Lemma minors_ideal_row_mxl r k l (B : 'M[A]_(r, k)) (C : 'M[A]_(r, l)) x :
  minors_ideal B x -> minors_ideal (row_mx B C) x.
Proof.
apply: ideal_span_mono => _ [f [f_incr ->]]; exists (fun i => lshift l (f i)).
by split=> //; congr (\det _); apply/matrixP => i j; rewrite [LHS]mxE [RHS]mxE row_mxEl.
Qed.

End CauchyBinet.

Section RegularSequence.
Variable A : comNzRingType.

Definition ext0 r (f : 'I_r -> A) (j : nat) : A := odflt 0 (omap f (insub j)).

Lemma ext0E r (f : 'I_r -> A) (i : 'I_r) : ext0 f i = f i.
Proof. by rewrite /ext0 valK. Qed.

Definition prefix_ideal (g : nat -> A) (n : nat) : A -> Prop :=
  ideal_span (fun y => exists2 j, (j < n)%N & y = g j).

Definition regular_prefix (g : nat -> A) (n : nat) : Prop :=
  forall i, (i < n)%N -> forall x, prefix_ideal g i (g i * x) -> prefix_ideal g i x.

Lemma prefix_idealP g n x :
  prefix_ideal g n x <-> exists c : nat -> A, x = \sum_(j < n) c j * g j.
Proof.
rewrite /prefix_ideal (ideal_span_ext (H := fun y => exists j : 'I_n, y = g j)); last first.
  by move=> y; split=> [[j jn ->]|[j ->]]; [exists (Ordinal jn) | exists j].
rewrite ideal_span_fam; split=> [[c ->]|[c ->]]; last by exists (fun j : 'I_n => c j).
by exists (ext0 c); apply: eq_bigr => j _; rewrite ext0E.
Qed.

Lemma regular_prefix_syzygy g n : regular_prefix g n ->
  forall z : nat -> A, \sum_(i < n) g i * z i = 0 ->
  exists e : nat -> nat -> A,
    forall i, (i < n)%N -> z i = \sum_(q < n) (e i q - e q i) * g q.
Proof.
elim: n => [|n IHn] g_reg z; first by exists (fun _ _ => 0).
have g_reg' : regular_prefix g n by move=> i /ltnW; apply: g_reg.
rewrite big_ord_recr /= => z_syz.
have /(g_reg n (ltnSn n)) /prefix_idealP [c zn] : prefix_ideal g n (g n * z n).
  apply/prefix_idealP; exists (fun j => - z j).
  apply: (@addrI _ (\sum_(i < n) g i * z i)); rewrite z_syz -big_split big1 // => i _.
  by rewrite /= mulNr mulrC subrr.
(* Regularity gives z_n = sum_j c_j g_j, so z + c g_n is a syzygy of the shorter prefix. *)
pose z' i := z i + c i * g n.
have [|e' z'E] := IHn g_reg' z'.
  rewrite /z'; under eq_bigr do rewrite mulrDr.
  rewrite big_split /= (eq_bigr (fun i : 'I_n => g n * (c i * g i)) (P := predT)
                          (F1 := fun i : 'I_n => g i * (c i * g n))); last first.
    by move=> i _; ring.
  by rewrite -mulr_sumr -zn.
exists (fun i q => if q == n then (if (i < n)%N then - c i else 0)
                 else if i == n then 0 else e' i q).
move=> i; rewrite ltnS leq_eqVlt => /orP [/eqP -> | iltn].
  rewrite big_ord_recr /= eqxx subrr mul0r addr0 zn.
  by apply: eq_bigr => q _; rewrite (ltn_eqF (ltn_ord q)) ltn_ord sub0r opprK.
rewrite big_ord_recr /= eqxx iltn (ltn_eqF iltn).
rewrite (eq_bigr (fun q : 'I_n => (e' i q - e' q i) * g q)); last first.
  by move=> q _; rewrite (ltn_eqF (ltn_ord q)).
by rewrite -z'E // /z' subr0 mulNr addrK.
Qed.

Lemma regular_seq_prefix r (a : 'rV[A]_r) : regular_seq a -> regular_prefix (ext0 (a 0)) r.
Proof.
move=> [_ a_reg] i ir x.
have prefixE y : prefix_ideal (ext0 (a 0)) i y <->
    ideal_span (fun y => exists2 j : 'I_r, (j < Ordinal ir)%N & y = a 0 j) y.
  apply: ideal_span_ext => z; split=> [[j ji ->]|[j ji ->]]; last by exists j; rewrite ?ext0E.
  by exists (Ordinal (ltn_trans ji ir)); rewrite // -ext0E.
by rewrite -[i]/(val (Ordinal ir)) ext0E => /prefixE /a_reg /prefixE.
Qed.

Lemma regular_prefix_koszul r (a : 'rV[A]_r) (g : nat -> A) :
  (forall j : 'I_r, g j = a 0 j) -> regular_prefix g r -> koszul_syzygies a.
Proof.
move=> gE g_reg z az0.
have [|e ze] := regular_prefix_syzygy g_reg (z := ext0 (fun i => z i 0)).
  transitivity ((a *m z) 0 0); last by rewrite az0 mxE.
  by rewrite mxE; apply: eq_bigr => i _; rewrite gE ext0E.
exists (fun i q : 'I_r => e i q) => i.
by rewrite -(ext0E (fun i => z i 0)) ze //; apply: eq_bigr => q _; rewrite gE.
Qed.

End RegularSequence.

Section RegularMpoly.
Variables (R : comNzRingType) (n : nat).

Lemma prefix_ideal_mpolyC (g : nat -> R) k (x : {mpoly R[n]}) :
  prefix_ideal (fun j => (g j)%:MP) k x <-> forall mm, prefix_ideal g k x@_mm.
Proof.
split=> [/prefix_idealP [c ->] mm|xmm]; first apply/prefix_idealP.
  exists (fun j => (c j)@_mm); rewrite raddf_sum /=; apply: eq_bigr => j _.
  by rewrite mulrC mcoeffCM mulrC.
rewrite [x]mpolyE; apply: (ideal_sum (is_ideal_span _)) => mm _.
rewrite -mul_mpolyC; apply: (idealMr (is_ideal_span _)).
have /prefix_idealP [c ->] := xmm mm; apply/prefix_idealP; exists (fun j => (c j)%:MP).
by rewrite rmorph_sum /=; apply: eq_bigr => j _; rewrite rmorphM.
Qed.
Lemma cert_sum_eq0 x p Z ia ib : stationary_cert x p Z ->
  x ia != p ia -> x ib != - p ib -> \sum_j x j = 0.
Proof.
move=> cert xa_neq xb_neq.
have [[k [pk_gt0 xk_lt]]|tight] := pselect (exists k, 0 < p k /\ `|x k| < p k).
  apply: (cert_sum_eq0_small cert ltr01 _ pk_gt0); last by rewrite mul1r.
  by move=> j; rewrite mul1r (cert_abs_le _ cert).
have x_abs j : `|x j| = p j.
  apply/eqP; rewrite eq_le (cert_abs_le _ cert) leNgt /=; apply/negP => lt.
  by apply: tight; exists j; split=> //; exact: le_lt_trans (normr_ge0 _) lt.
have xb : x ib = p ib.
  by move: xb_neq; rewrite -x_abs; case: (lerP 0 (x ib)) => [/ger0_norm|/ltr0_norm] ->;
    rewrite ?opprK ?eqxx.
have xa : - x ia = p ia.
  by move: xa_neq; rewrite -x_abs; case: (lerP 0 (x ia)) => [/ger0_norm|/ltr0_norm] ->;
    rewrite ?eqxx.
have pb_gt0 : 0 < p ib.
  rewrite -x_abs normr_gt0; apply: contraNneq xb_neq => xb0.
  by rewrite -x_abs xb0 normr0 oppr0.
have pa_gt0 : 0 < p ia.
  by rewrite -x_abs normr_gt0; apply: contraNneq xa_neq => xa0; rewrite -x_abs xa0 normr0.
apply/eqP; rewrite eq_le (cert_sum_ge0 cert x_abs pb_gt0 xb) andbT -oppr_ge0 -sumrN.
by apply: (cert_sum_ge0 (stationary_certN cert) _ pa_gt0 xa) => j; rewrite normrN.
Qed.

(* In row [i], every [l] with [x l < p l] has sign [-1]; as [sum x = 0], the row
   equation becomes [sum_(x l = p l) (Z i l + 1) p l = 0], with nonnegative terms. *)
Lemma cert_sign_eqN1 x p Z i j : stationary_cert x p Z -> \sum_l x l = 0 ->
  0 < p i -> 0 < p j -> x i * x j = p i * p j -> Z i j = -1.
Proof.
move=> cert sum0 pi_gt0 pj_gt0 xij.
wlog xi : x cert sum0 xij / x i = p i => [wlog_pos|].
  have [xi_abs _] : `|x i| = p i /\ `|x j| = p j.
    apply: le_mul_eq; rewrite ?normr_ge0 ?(cert_abs_le _ cert) //.
    by rewrite -normrM xij ger0_norm // mulr_ge0 ?ltW.
  case: (lerP 0 (x i)) xi_abs => [/ger0_norm -> /wlog_pos|/ltr0_norm -> xi]; first exact.
  apply: (wlog_pos (fun l => - x l)) => //; first exact: stationary_certN.
    by rewrite sumrN sum0 oppr0.
  by rewrite mulrNN.
have xj : x j = p j by apply/(mulfI (lt0r_neq0 pi_gt0)); rewrite -{1}xi.
have row : \sum_(l | x l == p l) (Z i l + 1) * p l = 0.
  suff : \sum_l Z i l * x l = \sum_l - x l + \sum_(l | x l == p l) (Z i l + 1) * p l.
    by rewrite (cert_ker cert i) sumrN sum0 oppr0 add0r.
  rewrite (big_mkcond (fun l => x l == p l)) -big_split; apply: eq_bigr => l _ /=.
  case: eqP => [->|/eqP xl_neq]; first ring.
  have xl_lt : x l < p l.
    by rewrite lt_neqAle xl_neq (le_trans (ler_norm _) (cert_abs_le _ cert)).
  rewrite addr0 (SignSet_lt0 (cert_sign cert i l)) ?mulN1r //.
  by rewrite xi -mulrBr pmulr_rlt0 // subr_lt0.
have term_ge0 l : x l == p l -> 0 <= (Z i l + 1) * p l.
  move=> _; rewrite mulr_ge0 ?(cert_p_ge0 cert) // -lerBlDr sub0r.
  by have /andP[] := SignSet_bounds (cert_sign cert i l).
have /eqP := psumr_eq0P term_ge0 row (introT eqP xj).
by rewrite mulf_eq0 (gt_eqF pj_gt0) orbF addr_eq0 => /eqP.
Qed.

End CertificateConsequences.

Section StationaryPoint.
Variables (R : realType) (n : nat) (s u : 'cV[R]_n) (Z : 'M[R]_n).
Hypotheses (Z_sym : forall i j, Z i j = Z j i)
  (Z_sign : forall i j, SignSet (resid s u i j) (Z i j))
  (Z_ker : forall i, \sum_j Z i j * u j 0 = 0)
  (u_neq_s : u <> s) (u_neq_Ns : u <> - s).
Implicit Type w : 'cV[R]_n.

Lemma stationary_row_eq0 j c :
  (forall l, Z j l * (c * u l 0) = `|c * u l 0|) -> forall l, c * u l 0 = 0.
Proof.
move=> row_abs l; apply/eqP/normr0P.
have sum0 : \sum_k `|c * u k 0| = 0.
  rewrite -(eq_bigr _ (fun k _ => row_abs k)).
  by rewrite (eq_bigr _ (fun k _ => mulrCA _ _ _)) -mulr_sumr Z_ker mulr0.
exact: (@psumr_eq0P _ _ xpredT _ (fun k _ => normr_ge0 _) sum0 l isT).
Qed.

Lemma stationary_supp i : s i 0 = 0 -> u i 0 = 0.
Proof.
move=> si0; apply/eqP; rewrite -[_ == 0]orbb -mulf_eq0; apply/eqP.
apply: (stationary_row_eq0 (j := i)) => l.
by have := SignSet_mulr (Z_sign i l); rewrite /resid si0 mul0r subr0.
Qed.

Lemma sg_mul_sg_u j : Num.sg (s j 0) * (Num.sg (s j 0) * u j 0) = u j 0.
Proof.
have [sj0|sj_neq0] := eqVneq (s j 0) 0; first by rewrite (stationary_supp sj0) !mulr0.
by rewrite mulrA -expr2 sqr_sg sj_neq0 mul1r.
Qed.

Lemma stationary_cert_sg : stationary_cert (fun i => Num.sg (s i 0) * u i 0)
  (fun i => `|s i 0|) (fun i j => Num.sg (s i 0) * Num.sg (s j 0) * Z i j).
Proof.
split.
- by move=> i; exact: normr_ge0.
- by move=> i /normr0P/eqP ->; rewrite sgr0 mul0r.
- by move=> i j; rewrite Z_sym; ring.
- move=> i j; rewrite -sgrM.
  have -> : Num.sg (s i 0) * u i 0 * (Num.sg (s j 0) * u j 0) - `|s i 0| * `|s j 0|
      = Num.sg (s i 0 * s j 0) * resid s u i j by rewrite /resid !normrEsg sgrM; ring.
  exact: SignSet_sgM.
- move=> i; transitivity (Num.sg (s i 0) * \sum_j Z i j * u j 0).
    by rewrite mulr_sumr; apply: eq_bigr => j _; rewrite -{2}sg_mul_sg_u; ring.
  by rewrite Z_ker mulr0.
Qed.

Lemma stationary_abs_le i : `|u i 0| <= `|s i 0|.
Proof.
have [si0|si_neq0] := eqVneq (s i 0) 0; first by rewrite si0 (stationary_supp si0) normr0.
by have := cert_abs_le i stationary_cert_sg; rewrite normrM normr_sg si_neq0 mul1r.
Qed.

Lemma sum_Z_dresid w : \sum_i \sum_j Z i j * dresid u w i j = 0.
Proof.
have -> : \sum_i \sum_j Z i j * dresid u w i j =
    \sum_i \sum_j w j 0 * (Z j i * u i 0) + \sum_i w i 0 * \sum_j Z i j * u j 0.
  rewrite -big_split; apply: eq_bigr => i _; rewrite mulr_sumr -big_split /=.
  by apply: eq_bigr => j _ /=; rewrite /dresid (Z_sym j i); ring.
rewrite exchange_big /= big1 ?add0r => [|j _]; last by rewrite -mulr_sumr Z_ker mulr0.
by rewrite big1 // => i _; rewrite Z_ker mulr0.
Qed.

Lemma dfobj_eq0P w : dfobj s u w = 0 <->
  forall i j, dabs (resid s u i j) (dresid u w i j) = Z i j * dresid u w i j.
Proof.
pose gap i j := dabs (resid s u i j) (dresid u w i j) - Z i j * dresid u w i j.
have gap_ge0 i j : 0 <= gap i j by rewrite subr_ge0 SignSet_le_dabs.
have row_ge0 i : 0 <= \sum_j gap i j by exact: sumr_ge0.
have -> : dfobj s u w = 2^-1 * \sum_i \sum_j gap i j.
  rewrite /gap; under [in RHS]eq_bigr do rewrite sumrB.
  by rewrite sumrB sum_Z_dresid subr0.
split=> [|tight]; last first.
  by rewrite big1 ?mulr0 // => i _; rewrite big1 // => j _; rewrite /gap tight subrr.
move/eqP; rewrite mulf_eq0 invr_eq0 pnatr_eq0 /= => /eqP sum0 i j; apply: subr0_eq.
have row0 := @psumr_eq0P _ _ xpredT _ (fun i _ => row_ge0 i) sum0 i isT.
exact: (@psumr_eq0P _ _ xpredT _ (fun j _ => gap_ge0 i j) row0 j isT).
Qed.

Lemma spurious_sum_eq0 : \sum_i Num.sg (s i 0) * u i 0 = 0.
Proof.
have [ia ua_neq] := colv_neq_entry u_neq_s.
have [ib ub_neq] := colv_neq_entry u_neq_Ns; rewrite mxE in ub_neq.
apply: (cert_sum_eq0 (ia := ia) (ib := ib) stationary_cert_sg); apply/eqP => sg_u.
  by apply: ua_neq; rewrite -sg_mul_sg_u sg_u -numEsg.
by apply: ub_neq; rewrite -sg_mul_sg_u sg_u mulrN -numEsg.
Qed.

Lemma spurious_sign i j : s i 0 != 0 -> s j 0 != 0 -> resid s u i j = 0 ->
  Z i j = - Num.sg (u i 0 * u j 0).
Proof.
move=> si_neq0 sj_neq0 /eqP; rewrite subr_eq0 => /eqP uij.
have sg_sq k : s k 0 != 0 -> Num.sg (s k 0) * Num.sg (s k 0) = 1.
  by move=> sk_neq0; rewrite -expr2 sqr_sg sk_neq0.
have /= := cert_sign_eqN1 (i := i) (j := j) stationary_cert_sg spurious_sum_eq0.
rewrite !normr_gt0 si_neq0 sj_neq0 mulrACA uij -mulrACA -!normrEsg.
move=> /(_ isT isT erefl) Z_eq; apply: (mulfI (x := Num.sg (s i 0) * Num.sg (s j 0))).
  by rewrite mulf_neq0 // sgr_eq0.
by rewrite Z_eq sgrM mulrN mulrACA (sg_sq _ si_neq0) (sg_sq _ sj_neq0) mulr1.
Qed.

Lemma dfobj_eq0_Cj w : u != 0 -> dfobj s u w = 0 -> forall j, Cj s u j (w j 0).
Proof.
move=> u_neq0 /dfobj_eq0P tight j; rewrite /Cj.
have [sj0|sj_neq0] := eqVneq (s j 0) 0.
  have uj0 := stationary_supp sj0.
  have row l : Z j l * (w j 0 * u l 0) = `|w j 0 * u l 0|.
    have := tight j l; rewrite /dabs /resid /dresid sj0 uj0 !mul0r subrr eqxx add0r.
    by move=> ->.
  apply/eqP; apply: contraNT u_neq0 => wj_neq0; apply/eqP/matrixP => l k.
  have /eqP := stationary_row_eq0 row l.
  by rewrite ord1 mxE mulf_eq0 (negbTE wj_neq0) => /eqP.
case: eqP => [uj_abs|_] //.
have uj_neq0 : u j 0 != 0 by rewrite -normr_eq0 uj_abs normr_eq0.
have rjj : resid s u j j = 0.
  apply/eqP; rewrite subr_eq0 -!expr2 -real_normK ?num_real //.
  by rewrite uj_abs real_normK ?num_real.
have := tight j j; rewrite /dabs rjj eqxx (spurious_sign sj_neq0 sj_neq0 rjj).
rewrite sgrM -expr2 sqr_sg uj_neq0 mulN1r /dresid => wj_sgn.
have uw_le0 : u j 0 * w j 0 <= 0.
  by have := normr_ge0 (u j 0 * w j 0 + w j 0 * u j 0); rewrite wj_sgn mulrC; lra.
exists (Num.sg (u j 0) * w j 0); last by rewrite mulrA -expr2 sqr_sg uj_neq0 mul1r.
have uj_abs_gt0 : 0 < `|u j 0| by rewrite normr_gt0.
by rewrite /= -(pmulr_lle0 _ uj_abs_gt0) mulrAC -numEsg.
Qed.

Lemma Cj_dfobj_eq0 w : (forall j, Cj s u j (w j 0)) -> dfobj s u w = 0.
Proof.
move=> wC; apply/dfobj_eq0P => i j.
have [r0|r_neq0] := eqVneq (resid s u i j) 0; last first.
  by rewrite /dabs (negbTE r_neq0) (SignSet_sg (Z_sign i j) r_neq0).
rewrite /dabs r0 eqxx /dresid.
have w_supp k : s k 0 = 0 -> w k 0 = 0 by move=> sk0; have := wC k; rewrite /Cj sk0 eqxx.
have [si0|si_neq0] := eqVneq (s i 0) 0.
  by rewrite (stationary_supp si0) (w_supp _ si0) !(mul0r, mulr0, addr0) normr0.
have [sj0|sj_neq0] := eqVneq (s j 0) 0.
  by rewrite (stationary_supp sj0) (w_supp _ sj0) !(mul0r, mulr0, addr0) normr0.
have [ui_abs uj_abs] : `|u i 0| = `|s i 0| /\ `|u j 0| = `|s j 0|.
  apply: le_mul_eq; rewrite ?normr_ge0 ?stationary_abs_le ?normr_gt0 //.
  by move/eqP: r0; rewrite subr_eq0 -!normrM => /eqP ->.
have := wC i; rewrite /Cj (negbTE si_neq0) ui_abs eqxx => -[ri ri_le0 <-].
have := wC j; rewrite /Cj (negbTE sj_neq0) uj_abs eqxx => -[rj rj_le0 <-].
by rewrite (spurious_sign si_neq0 sj_neq0 r0) norm_sg_combination.
Qed.

End StationaryPoint.

Theorem proposition2 (R : realType) (n : nat) (ustar : 'cV[R]_n) :
  ustar != 0 ->
  (forall u : 'cV[R]_n, u != 0 -> spurious_stationary ustar u ->
     (forall j : 'I_n, ustar j 0 != 0 -> `|u j 0| <= `|ustar j 0|) /\
     [set w | dirderiv_zero (fobj ustar) u w] =
       [set w : 'cV[R]_n | forall j : 'I_n, Cj ustar u j (w j 0)]) /\
  [set w | dirderiv_zero (fobj ustar) 0 w] = [set: 'cV[R]_n].
Proof.
move=> _; split; last first.
  by apply/seteqP; split=> w // _; apply/dirderiv_zero_fobjP; exact: dfobj0.
move=> u u_neq0 [[Z [ZT_eq Z_sign_mx] Zu0] [u_neq_s u_neq_Ns]].
have Z_sym i j : Z i j = Z j i by rewrite -[in RHS]ZT_eq mxE.
have Z_sign i j : SignSet (resid ustar u i j) (Z i j) by rewrite -residE; exact: Z_sign_mx.
have Z_ker i : \sum_j Z i j * u j 0 = 0.
  by have := congr1 (fun v : 'cV[R]_n => v i 0) Zu0; rewrite !mxE.
split=> [j _|]; first exact: (stationary_abs_le Z_sym Z_sign Z_ker).
apply/seteqP; split=> w /=.
  by move/dirderiv_zero_fobjP; exact: (dfobj_eq0_Cj Z_sym Z_sign Z_ker u_neq_s u_neq_Ns).
by move/(Cj_dfobj_eq0 Z_sym Z_sign Z_ker u_neq_s u_neq_Ns)/dirderiv_zero_fobjP.
Qed.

:: PROBLEM TO SOLVE ::
Go through the material above and copy each line that holds the string "sgrM".

:: RESPONSE ::
- move=> i j; rewrite -sgrM.
      = Num.sg (s i 0 * s j 0) * resid s u i j by rewrite /resid !normrEsg sgrM; ring.
by rewrite Z_eq sgrM mulrN mulrACA (sg_sq _ si_neq0) (sg_sq _ sj_neq0) mulr1.
rewrite sgrM -expr2 sqr_sg uj_neq0 mulN1r /dresid => wj_sgn.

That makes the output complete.